На их не растворившихся в вечности губах, ибо еще живы в моей памяти, – непредъявленный счет мне, нам, всем живым.

«Труднее найти лицо, которое легко забыть», – говорил Федерико Феллини.

Мастерами этого дела были гебисты. Поиск на роль стукачей незапоминающихся лиц был их вкладом в гениальную идею лицедейства. Забыв лицо, человек становился жертвой. Смертельный спектакль с забываемыми лицами гулял по Гулагу, которым была одна шестая света. То были два символа гибельной эпохи – забываемые и забиваемые.
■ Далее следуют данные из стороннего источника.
(* Signed payoffs reduce to the nonnegative case after shifting by the bound M. *)
Lemma integral_kernel_mean d'' (Z : measurableType d'') (pi : Z -> Y)
    (mu : {measure set Z -> \bar R}) (nu : {measure set X -> \bar R}) :
  measurable_fun setT pi -> mu setT = 1 -> nu setT = 1 ->
  (forall phi : Y -> \bar R, (forall y, 0 <= phi y) -> measurable_fun setT phi ->
    \int[mu]_z phi (pi z) = \int[nu]_x \int[k x]_y phi y) ->
  \int[mu]_z (psi (pi z))%:E = \int[nu]_x (fine (\int[k x]_y (psi y)%:E))%:E.
Proof.
move=> mpi mu1 nu1 mu_nu.
have := mu_nu _ shift_ge0 mshift.
rewrite (integralD_cst M mu1 (measurableT_comp mpsi mpi) (fun z => psiM (pi z))).
rewrite (eq_integral _ _ (fun x _ => kernel_integral_shift x)).
rewrite (integralD_cst M nu1 measurable_kernel_mean abs_kernel_mean_le).
by move/(congr1 (fun e => e - M%:E)); rewrite !addeK.
Qed.
End kernel_mean.

Section process.
Context (R : realType) (dX dY : measure_display) (SX : measurableType dX)
  (SY : measurableType dY) (s0 : probability SX R) (k : R.-pker (SX * SY) ~> SX)
  (sY : behavioral_Y SX SY R).

Definition sigma_kernel t := mkproduct (memory_one_kernel s0 k t)
  (kprecomp (sY t) (@measurable_fst _ _ (hist SX SY t) SX)).

HB.instance Definition _ t := Kernel.on (@sigma_kernel t).

Lemma sigmaE t (h : hist SX SY t) B : measurable B ->
  sigma s0 k sY h B = sigma_kernel h B.
Proof.
move=> mB; rewrite /sigma memory_oneE /product_measure1 /= /kproduct.
apply: eq_integral => x _; rewrite /kernel.intker_indic /=.
rewrite -(setIT (xsection B x)) -integral_indic//; last exact: measurable_xsection.
by apply: eq_integral => y _; rewrite !indicE mem_xsection.
Qed.

Lemma sigma_ge0 t (h : hist SX SY t) B : 0 <= sigma s0 k sY h B.
Proof.
rewrite /sigma memory_oneE /product_measure1.
by apply: integral_ge0 => x _; exact: measure_ge0.
Qed.

Lemma sigmaT t (h : hist SX SY t) : sigma s0 k sY h setT = 1.
Proof.
rewrite /sigma memory_oneE /product_measure1 /=.
under eq_integral do rewrite -(preimage_setT snd) xsection_preimage_snd prob_kernel.
by rewrite integral_cst// mul1e prob_kernel.
Qed.

Let sigma_kernel_prob t (h : hist SX SY t) : sigma_kernel h [set: SX * SY] = 1.
Proof. by rewrite -sigmaE// sigmaT. Qed.

HB.instance Definition _ t := Kernel_isProbability.Build _ _ _ _ R
  (@sigma_kernel t) (@sigma_kernel_prob t).

(* The kernel compositions of the library are parameterized; the trivial
   parameter space [unit] turns them into plain measures. *)
Let sigma_snd t :=
  kprecomp (@sigma_kernel t) (@measurable_snd _ _ unit (hist SX SY t)).

Section next_law.
Variables (t : nat) (P : probability (hist SX SY t) R).

Let next A := \int[P]_h sigma s0 k sY h (xsection A h).

Let next_ge0 A : 0 <= next A.
Proof. by apply: integral_ge0 => h _; exact: sigma_ge0. Qed.

Let next_measure A :
  measurable A -> next A = mkproduct (kconst unit P) (@sigma_snd t) tt A.
Proof.
move=> mA; rewrite /next /= /kproduct; apply: eq_integral => h _.
rewrite sigmaE; last exact: measurable_xsection.
rewrite /kernel.intker_indic /= -(setIT (xsection A h)) -integral_indic//.
  by apply: eq_integral => z _; rewrite !indicE mem_xsection.
exact: measurable_xsection.
Qed.

Let nextT : next setT = 1.
Proof.
rewrite /next.
under eq_integral do rewrite -(preimage_setT snd) xsection_preimage_snd sigmaT.
by rewrite integral_cst// mul1e; exact: probability_setT.
Qed.

Definition next_law : probability (hist SX SY t.+1) R :=
  agree_probability next_measure next_ge0 nextT.

Lemma next_lawE A : next_law A = \int[P]_h sigma s0 k sY h (xsection A h).
Proof. by []. Qed.
End next_law.

Lemma hmu_probability t :
  exists P : probability (hist SX SY t) R, @hmu _ _ _ _ R s0 k sY t = P.
Proof.
elim: t => [|t [P IH]]; first by exists (\d_ tt : probability unit R).
by exists (next_law P); apply/funext => A; rewrite next_lawE /= IH.
Qed.

Definition law t : probability (hist SX SY t) R :=
  projT1 (cid (hmu_probability t)).

Lemma hmuE t : @hmu _ _ _ _ R s0 k sY t = law t.
Proof. exact: projT2 (cid (hmu_probability t)). Qed.

Lemma nuE t E : nu s0 k sY t E = law t.+1 (snd @^-1` E).
Proof. by rewrite /nu hmuE setTX. Qed.

Let nu_ge0 t E : 0 <= nu s0 k sY t E.
Proof. by rewrite nuE; exact: measure_ge0. Qed.

Let nu_setT t : nu s0 k sY t setT = 1.
Proof. by rewrite nuE preimage_setT; exact: probability_setT. Qed.

Let nu_kcomp t E :
  measurable E -> nu s0 k sY t E = mkcomp (kconst unit (law t)) (@sigma_snd t) tt E.
Proof.
move=> mE; rewrite nuE -hmuE /= hmuE /kcomp /=.
by apply: eq_integral => h _; rewrite xsection_preimage_snd sigmaE.
Qed.

Definition nu_law t : probability (SX * SY)%type R :=
  agree_probability (nu_kcomp t) (nu_ge0 t) (nu_setT t).

Lemma integral_nu_law t (f : SX * SY -> \bar R) :
  (forall z, 0 <= f z) -> measurable_fun setT f ->
  \int[nu_law t]_z f z = \int[law t]_h \int[sigma_kernel h]_z f z.
Proof.
move=> f0 mf.
transitivity (\int[mkcomp (kconst unit (law t)) (@sigma_snd t) tt]_z f z).
  by apply: eq_measure_integral => E mE _; exact: nu_kcomp.
exact: integral_kcomp.
Qed.

Lemma sigma_kernel_fst t (h : hist SX SY t) A : measurable A ->
  sigma_kernel h (fst @^-1` A) = memory_one_kernel s0 k t h A.
Proof.
move=> mA; rewrite -sigmaE; last by rewrite -setXT; exact: measurableX.
rewrite /sigma memory_oneE /product_measure1 /= -setXT.
rewrite -[in RHS](setIT A) -integral_indic//; apply: eq_integral => x _.
have [xA|xA] := boolP (x \in A).
  by rewrite in_xsectionX// prob_kernel indicE xA.
by rewrite notin_xsectionX// measure0 indicE (negbTE xA).
Qed.

Lemma integral_sigma_kernel_fst t (h : hist SX SY t) (phi : SX -> \bar R) :
  (forall x, 0 <= phi x) -> measurable_fun setT phi ->
  \int[sigma_kernel h]_z phi z.1 = \int[memory_one_kernel s0 k t h]_x phi x.
Proof.
move=> phi0 mphi.
transitivity (\int[pushforward (sigma_kernel h) fst]_x phi x).
  by rewrite ge0_integral_pushforward// preimage_setT.
by apply: eq_measure_integral => A mA _; rewrite /= /pushforward sigma_kernel_fst.
Qed.

Lemma integral_nu_law_fst t (phi : SX -> \bar R) :
  (forall x, 0 <= phi x) -> measurable_fun setT phi ->
  \int[nu_law t]_z phi z.1 =
  \int[law t]_h \int[memory_one_kernel s0 k t h]_x phi x.
Proof.
move=> phi0 mphi; rewrite integral_nu_law//; last exact: measurableT_comp.
by under eq_integral do rewrite integral_sigma_kernel_fst//.
Qed.

Section payoff.
Variables (psi : SX -> R) (M : R).
Hypotheses (mpsi : measurable_fun setT psi) (psiM : forall x, (`|psi x| <= M)%R).

Let alpha t := fine (\int[nu_law t]_z (psi z.1)%:E).

Lemma integral_nu_law_payoff t : \int[nu_law t]_z (psi z.1)%:E =
  \int[law t]_h (fine (\int[memory_one_kernel s0 k t h]_x (psi x)%:E))%:E.
Proof.
exact: (integral_kernel_mean mpsi psiM measurable_fst (probability_setT (nu_law t))
  (probability_setT (law t)) (integral_nu_law_fst t)).
Qed.

Lemma integral_nu_law0_payoff :
  \int[nu_law 0]_z (psi z.1)%:E = \int[s0]_x (psi x)%:E.
Proof.
rewrite integral_nu_law_payoff /=.
rewrite (eq_integral (cst (fine (\int[s0]_x (psi x)%:E))%:E))// integral_cst//.
rewrite -[RHS]mule1 fineK; last first.
  exact: (fin_num_integral_bounded (probability_setT s0) mpsi psiM).
by congr (_ * _); exact: probability_setT.
Qed.

Lemma integral_nu_lawS_payoff t : \int[nu_law t.+1]_z (psi z.1)%:E =
  \int[nu_law t]_z (fine (\int[k z]_x (psi x)%:E))%:E.
Proof.
rewrite integral_nu_law_payoff.
rewrite (eq_measure_integral (pushforward (law t.+1) snd)); last first.
  by move=> E _ _; exact: nuE.
rewrite integral_pushforward ?preimage_setT//.
- exact/measurable_EFinP/measurable_kernel_mean.
- apply: (integrable_bounded (probability_setT (law t.+1))
    (measurableT_comp (measurable_kernel_mean k mpsi psiM) measurable_snd)).
  by move=> h; exact: abs_kernel_mean_le.
Qed.

Lemma abs_alpha_le t : (`|alpha t| <= M)%R.
Proof.
exact: (abs_fine_integral_bounded (probability_setT (nu_law t))
  (measurableT_comp mpsi measurable_fst) (fun z => psiM z.1)).
Qed.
Пространство этой «одной шестой», в которой обретался и я, было разделено перегородками на миллионы тесных, вызывающих одышку, кубиков. Перегородки эти свободно пропускали звуки. Но люди затыкали уши, чтобы не слышать стонов и криков истязаемых за стеной. Музыканты играли громче, чем надо, писатели заглушали крики стуком пишущих машинок. Развелось безумное множество духовых оркестров. Они не только сверкали на солнце, как оружие, но и наводили веселую жуть на окружающих.

Все это происходило в одной отдельно взятой стране, в трижды треклятом царстве-государстве, в котором я жил, пиво не пил, был безус, а в рот не попало, ибо не раскрывал его, завидовал слепым и глухим или хотя бы оглушенным, оглашено орущим внутри себя.

И не яблочко-песню, а просто речь человеческую держали они за зубами.

В этой стране господствовали сыновья сапожников и прачек. Время возносило их из самых зловонных низов на самый верх лестницы власти. И люди стояли, немо разинув рты, утопая в бессилии.